People who work with Fletcher believe he is safeguarding the industry with his “boots on the ground knowledge” of the herbal supply chain. “It’s not good enough to just have a fully vetted paper supply chain for all of the required quality parameters for your herbs for identity, purity and potency, in many cases,” Chioffi says. “It’s also the sustainability—and more, the responsibility—of companies to ensure that you can have that same supply while we have environmental sensitivities, economic sensitivities and cultural sensitivities that are all making it harder for those types of herbs to stay in sustainable commerce.”
Chioffi suggests companies duplicate Fletcher’s model for this reason. “It gives you an actual true picture of the needs of the community and whether they can supply things,” he says. “Weather has affected certain crops, and Ed knows where those regions have been the most impacted.” Because of his network, Fletcher is able to help companies source botanicals in unaffected areas.
The other plant stars
Fletcher is also working to keep herbal medicine alive. By cultivating certain botanicals, even some that are not in high demand today, he’s helping to keep these medicines available, says Coven, whose company helps make finished goods for about 800 brands. One example is osha.
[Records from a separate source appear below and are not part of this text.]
Theorem proposition14 (R : rcfType) (N n : nat) (xi : 'cV[R]_N) :
  in_sphere xi ->
  (* (i) *)
  (forall v : 'cV[R]_N,
     (nsd (vee xi v) <-> (v = xiT xi v *: xi /\ xiT xi v <= 0)) /\
     ((v = xiT xi v *: xi /\ xiT xi v <= 0) <->
        (xiperp xi *m v = 0 /\ xiT xi v <= 0)) /\
     ((xiperp xi *m v = 0 /\ xiT xi v <= 0) <-> v = - vnorm v *: xi)) /\
  (* (ii) *)
  (forall X : 'I_N -> 'M[R]_n, sym_arr X ->
     (tle0_otimes (veeT xi X) <->
        (X = tens xi (xiTX xi X) /\ nsd (xiTX xi X))) /\
     ((X = tens xi (xiTX xi X) /\ nsd (xiTX xi X)) <->
        (xiperpX xi X = (fun _ => 0) /\ nsd (xiTX xi X))) /\
     ((xiperpX xi X = (fun _ => 0) /\ nsd (xiTX xi X)) <->
        tle0 (veeT xi X))) /\
  (* in particular *)
  (forall (eta : 'cV[R]_N) (Y : 'I_N -> 'M[R]_n), sym_arr Y ->
     (tle0_otimes (veeT eta Y) <-> tle0 (veeT eta Y))).
Proof.
move=> xi1; have s1 := in_sphere_xiT xi1; have s0 : 0 < xiT xi xi by rewrite s1.
split; [move=> v | split; last first].
- rewrite (nsd_vee_colinear _ s0) s1 scale1r.
  by rewrite xiperp_eq0; do 2!split=> //; apply: colinear_le0_vnorm.
- by move=> eta Y /tle0_otimes_veeTE.
move=> X symX.
have tensE : X = tens xi (xiTX xi X) <->
             forall b, xiT xi xi *: X b = xi b 0 *: xiTX xi X.
  rewrite tensP s1; split=> XE b; first by rewrite scale1r XE.
  by rewrite -[X b]scale1r XE.
rewrite (tle0_otimes_veeTE _ symX) (tle0_veeT_colinearE s0 symX) xiperpX_eq0 -tensE.
by split; [|split].
Qed.
(* Let $G$ be an abelian Hausdorff topological group and $A\subseteq G$ with $0\notin A$. The following conditions are equivalent: (i) the Kalton map $K_A:S_A\to\overline{G}$ is continuous and its continuous extension $\overline{K_A}:P_A\to\overline{G}$ is a topologically isomorphic embedding satisfying $\overline{K_A}(P_A)\subseteq G$; (ii) the set $A$ is both absolutely summable and topologically independent in $G$.
   Context: All groups are abelian; topological groups are Hausdorff; $\overline{H}$ denotes the (Raikov) completion of a topological group $H$. For $a\in G$, $\langle a\rangle$ is the cyclic subgroup generated by $a$ with the subspace topology. $P_A=\prod_{a\in A}\langle a\rangle$ has the Tychonoff product topology and $S_A=\bigoplus_{a\in A}\langle a\rangle\subseteq P_A$ the subspace topology. The Kalton map $K_A:S_A\to G$ is the unique homomorphism extending each inclusion $\langle a\rangle\to G$. When $K_A$ is continuous it extends uniquely to a continuous homomorphism $\overline{S_A}\to\overline G$; since $\overline{S_A}=\prod_{a\in A}\overline{\langle a\rangle}\supseteq P_A$, its restriction to $P_A$ is denoted $\overline{K_A}:P_A\to\overline G$. $A$ is absolutely summable if for every family $\{z_a:a\in A\}$ of integers there is $g\in G$ such that for every neighbourhood $U$ of $0$ there is a finite $F\subseteq A$ with $g-\sum_{a\in E}z_aa\in U$ for every finite $E\subseteq A$ containing $F$. $A$ is topologically independent if $0\notin A$ and for every neighbourhood $W$ of $0$ there is a neighbourhood $U$ of $0$ such that for every finite $F\subseteq A$ and all integers $\{z_a:a\in F\}$, $\sum_{a\in F}z_aa\in U$ implies $z_aa\in W$ for all $a\in F$. *)

From HB Require Import structures.
From mathcomp Require Import all_boot all_order all_algebra.
From mathcomp Require Import all_classical all_reals all_analysis.
Set Implicit Arguments. Unset Strict Implicit. Unset Printing Implicit Defensive.
Import Order.TTheory GRing.Theory Num.Theory.
Local Open Scope classical_set_scope.
Local Open Scope ring_scope.

Section Kalton.
Variable G : topologicalZmodType.

Definition cyc (a : G) : set G := [set x | exists k : int, x = a *~ k].

(* P_A = prod_{a in A} <a>, realised as the set of functions f : G -> G with
   f a in <a> for a in A and f x = 0 for x not in A, inside the product
   (pointwise) topology {ptws G -> G}.  Its subspace topology is the
   Tychonoff product of the subspace topologies of the <a>. *)
Definition PA (A : set G) : set {ptws G -> G} :=
  [set f | (forall a, A a -> cyc a (f a)) /\ (forall x, ~ A x -> f x = 0)].

Definition supp (f : {ptws G -> G}) : set G := [set x | f x != 0].

Definition SA (A : set G) : set {ptws G -> G} :=
  [set f | PA A f /\ finite_set (supp f)].

Definition kalton (f : {ptws G -> G}) : G := \sum_(x \in supp f) f x.

Definition hom_on (A : set G) (h : {ptws G -> G} -> G) :=
  forall f g, PA A f -> PA A g ->
    h ((fun x => f x + g x) : {ptws G -> G}) = h f + h g.

Definition top_embedding (X Y : topologicalType) (D : set X) (h : X -> Y) :=
  [/\ {within D, continuous h}, {in D &, injective h} &
      forall x, D x -> forall U, within D (nbhs x) U ->
        exists V, nbhs (h x) V /\ (forall y, D y -> V (h y) -> U y)].

Definition kalton_condition (A : set G) :=
  {within SA A, continuous kalton} /\
  exists Phi : {ptws G -> G} -> G,
    [/\ forall f, SA A f -> Phi f = kalton f,
        hom_on A Phi &
        top_embedding (PA A) Phi].

Definition absolutely_summable (A : set G) :=
  forall z : G -> int, exists g : G, forall U, nbhs (0 : G) U ->
    exists F : set G, [/\ finite_set F, F `<=` A &
      forall E : set G, finite_set E -> F `<=` E -> E `<=` A ->
        U (g - \sum_(a \in E) a *~ z a)].

Definition topologically_independent (A : set G) :=
  ~ A 0 /\
  forall W, nbhs (0 : G) W -> exists U, nbhs (0 : G) U /\
    forall (F : set G) (z : G -> int), finite_set F -> F `<=` A ->
      U (\sum_(a \in F) a *~ z a) -> forall a, F a -> W (a *~ z a).

End Kalton.

From HB Require Import structures.
From mathcomp Require Import all_boot all_order all_algebra.
From mathcomp Require Import all_classical all_reals all_analysis.
Import Order.TTheory GRing.Theory Num.Theory.
Local Open Scope classical_set_scope.
Local Open Scope ring_scope.

(* (ii) => (i): absolute summability lets every f in P_A be summed over A,
   and the extension of K_A is f |-> sum_a f(a).  Its continuity rests on a
   uniform Cauchy condition: for every neighbourhood U of 0 there is a finite
   C such that all finite sums sum_(a in E) z_a a with E disjoint from C lie
   in U.  Otherwise one finds infinitely many pairwise disjoint finite "bad"
   blocks; merging their coefficients into one family z, the summability of
   z forces the blocks far out to have sums in U.  Topological independence
   says that a small value of the extension has small coordinates, which
   gives injectivity and openness onto the image.
   (i) => (ii): the finite partial sums of f = (z_a a)_a are the images of
   truncations of f, which converge to f in the product topology; and
   topological independence is the continuity of the inverse map at 0. *)

Section TopologicalZmoduleNbhs.
Context {G : topologicalZmodType}.
Implicit Types (U N : set G) (c : G).

Lemma nbhs0_splitD {U} : nbhs 0 U ->
  exists2 V : set G, nbhs 0 V & forall x y, V x -> V y -> U (x + y).
Proof.
move=> U0; have : nbhs ((0 : G), (0 : G)) [set p : G * G | U (p.1 + p.2)].
  by apply: (add_continuous (0, 0)); rewrite /= addr0.
case=> [[V1 V2] /= [V10 V20] V12]; exists (V1 `&` V2); first exact: filterI.
by move=> x y [? _] [_ ?]; exact: (V12 (x, y)).
Qed.

Lemma nbhs0_splitB {U} : nbhs 0 U ->
  exists2 V : set G, nbhs 0 V & forall x y, V x -> V y -> U (x - y).
Proof.
move=> U0; have : nbhs ((0 : G), (0 : G)) [set p : G * G | U (p.1 - p.2)].
  by apply: (@sub_continuous G (0, 0)); rewrite /= subr0.
case=> [[V1 V2] /= [V10 V20] V12]; exists (V1 `&` V2); first exact: filterI.
by move=> x y [? _] [_ ?]; exact: (V12 (x, y)).
Qed.

Lemma nbhs0_oppr {U} : nbhs 0 U -> nbhs 0 [set w | U (- w)].
Proof. by move=> U0; apply: (@opp_continuous G 0); rewrite oppr0. Qed.

Lemma nbhs_translate0 {c N} : nbhs c N -> nbhs 0 [set w | N (w + c)].
Proof.
move=> Nc; have : (fun w => w + c) @ nbhs (0 : G) --> 0 + c.
  apply: (@continuous_comp _ _ _ (fun w => (w, c)) (fun p : G * G => p.1 + p.2)).
    by apply: cvg_pair; [exact: cvg_id|exact: cvg_cst].
  exact: add_continuous.
by apply; rewrite add0r.
Qed.

Lemma nbhs0_translate {c U} : nbhs 0 U -> nbhs c [set y | U (y - c)].
Proof.
move=> U0; have : (fun y => y - c) @ nbhs c --> c - c.
  apply: (@continuous_comp _ _ _ (fun y => (y, c)) (fun p : G * G => p.1 - p.2)).
    by apply: cvg_pair; [exact: cvg_id|exact: cvg_cst].
  exact: sub_continuous.
by apply; rewrite subrr.
Qed.

Lemma hausdorff_eq0 (d : G) : hausdorff_space G ->
  (forall U, nbhs 0 U -> U d) -> d = 0.
Proof.
move=> hG d0; apply: hG => P Q Pd Q0; exists d; split; last exact: d0.
exact: nbhs_singleton.
Qed.

Lemma nbhs0_fsbig {I : choiceType} {C : set I} {U} : finite_set C -> nbhs 0 U ->
  exists2 W : set G, nbhs 0 W &
    forall x : I -> G, (forall i, C i -> W (x i)) -> U (\sum_(i \in C) x i).
Proof.
move=> fC U0.
suff /(_ (finmap.enum_fset (fset_set C)) U U0) [W W0 WU] :
    forall (s : seq I) U, nbhs 0 U ->
    exists2 W : set G, nbhs 0 W &
      forall x : I -> G, (forall i, i \in s -> W (x i)) -> U (\sum_(i <- s) x i).
  exists W => // x Wx; rewrite fsbig_finite //; apply: WU => i.
  by rewrite in_fset_set // inE; exact: Wx.
elim=> [|i s IH] {}U {}U0.
  by exists U => // x _; rewrite big_nil; exact: nbhs_singleton.
have [V V0 VV] := nbhs0_splitD U0; have [W W0 WV] := IH V V0.
exists (V `&` W); first exact: filterI.
move=> x xVW; rewrite big_cons; apply: VV; first by have [] := xVW i (mem_head _ _).
by apply: WV => j js; have [] := xVW j; rewrite ?in_cons ?js ?orbT.
Qed.

End TopologicalZmoduleNbhs.

Lemma filter_finite_bigI (T : Type) (I : choiceType) (F : set_system T)
    (C : set I) (W : I -> set T) : Filter F -> finite_set C ->
  (forall i, C i -> F (W i)) -> F [set t | forall i, C i -> W i t].
Proof.
move=> FF fC FW.
apply: filterS (@filter_bigI T I (fset_set C) W F FF _) => [t Wt i Ci|i].
  by apply: (Wt i); rewrite /= in_fset_set ?inE.
by rewrite in_fset_set // inE => /FW.
Qed.

Lemma within_continuous_nbhsP (X Y : topologicalType) (D : set X) (h : X -> Y) :
  {within D, continuous h} <->
  forall x, D x -> forall N, nbhs (h x) N -> nbhs x [set y | D y -> N (h y)].
Proof.
rewrite subspace_continuousP; split => hc x Dx N.
  by move=> /(hc x Dx); rewrite nbhs_simpl.
by move=> /(hc x Dx); rewrite nbhs_simpl.
Qed.

Section PointwiseBoxes.
Variables (I : choiceType) (T : topologicalType).
Local Notation P := {ptws I -> T}.

Definition ptws_box (f : P) (N : set P) :=
  exists (C : set I) (V : I -> set T), [/\ finite_set C,
    forall i, C i -> nbhs (f i) (V i) &
    forall h : P, (forall i, C i -> V i (h i)) -> N h].

Lemma ptws_box_filter (f : P) : Filter (ptws_box f).
Proof.
constructor.
- by exists set0, (fun=> setT); split.
- move=> N1 N2 [C1 [V1 [fC1 V1f N1V]]] [C2 [V2 [fC2 V2f N2V]]].
  exists (C1 `|` C2), (fun i => [set t | (C1 i -> V1 i t) /\ (C2 i -> V2 i t)]).
  split; first by rewrite finite_setU.
    move=> i _; apply: filterI.
      have [C1i|nC1i] := pselect (C1 i); first by apply: filterS (V1f _ C1i) => t.
      by apply: nearW => t /nC1i.
    have [C2i|nC2i] := pselect (C2 i); first by apply: filterS (V2f _ C2i) => t.
    by apply: nearW => t /nC2i.
  move=> h hV; split.
    by apply: N1V => i C1i; have [+ _] := hV i (or_introl C1i); apply.
  by apply: N2V => i C2i; have [_ +] := hV i (or_intror C2i); apply.
- move=> N1 N2 N12 [C [V [fC Vf NV]]]; exists C, V; split => // h /NV; exact: N12.
Qed.

Lemma nbhs_ptwsP (f : P) (N : set P) : nbhs f N <-> ptws_box f N.
Proof.
split; last first.
  move=> [C [V [fC Vf NV]]]; apply: filterS NV _.
  apply: filter_finite_bigI => // i Ci.
  exact: (@proj_continuous I (fun=> T) i f _ (Vf i Ci)).
(* The product topology is the supremum of the initial topologies of the
   projections, so it suffices to check convergence in each of them. *)
have := @cvg_sup (I -> T) I
  (fun i => Topological.class (initial_topology (fun g : I -> T => g i)))
  (ptws_box f) f (ptws_box_filter f).
case=> _ /(_ _) boxf; apply: boxf => i.
apply/cvg_image; first exact: ptws_box_filter.
  by apply/seteqP; split => // t _; exists (fun=> t).
move=> V Vfi; exists ((fun g : I -> T => g i) @^-1` V).
  by exists [set i], (fun=> V); split => [|_ ->//|h]; [exact: finite_set1|apply].
by apply/seteqP; split => [t [g Vg <-]//|t Vt]; exists (fun=> t).
Qed.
Though not yet producing at scale, Fletcher is one of the very few people to successfully cultivate the plant, which is limited to wild harvesting in northern New Mexico.
“A lot of folks are just defaulting to the rockstars, especially as herbal companies are bought out by venture capitalists and M&A firms who are just looking at what herbs are the rockstars for the mass market,” Coven says. “There are still so many other plants that are getting harder to find that he is helping to make available and may not be there if it weren’t for some forward thinking.”
The wildcrafters the industry has counted on are now in their seventies, and a new generation has yet to take the reins. “People don’t want to necessarily pick up a shovel and get really dirty and sweaty,” Coven says. “Well, that’s a problem.”
Passing the torch
To the benefit of the industry, Fletcher donates his time and knowledge to steward best practices for growing medicinal plants. He was instrumental in crafting AHPA’s Guidance on Good Agriculture and Collection Practices and Good Manufacturing Practices for Botanical Materials as a template for the best ways to grow and collect herbs. “In a way, he’s educating his competitors, as well as future generations, and he’s memorializing all of this,” Coven says. “He doesn’t have to do that.”
As often happens when industries experience successful periods, people like Coven fear that shifting priorities will affect material quality. The people who founded the successful companies that stewarded the best values are now retiring or being bought out. Coven, who started his company 40 years ago and still owns it, says he can “call Ed or whoever and spend more money and get the plants he needs harvested in the right season and in a way that doesn’t overharvest.” Such sustainable harvesting practices as Native Botanicals’ ensures they’ll be here for future years and generations. For Fletcher and many others in the industry, that matters.
“He works really hard, and he does it for a basic love of the plants, at the end of the day,” Chioffi says.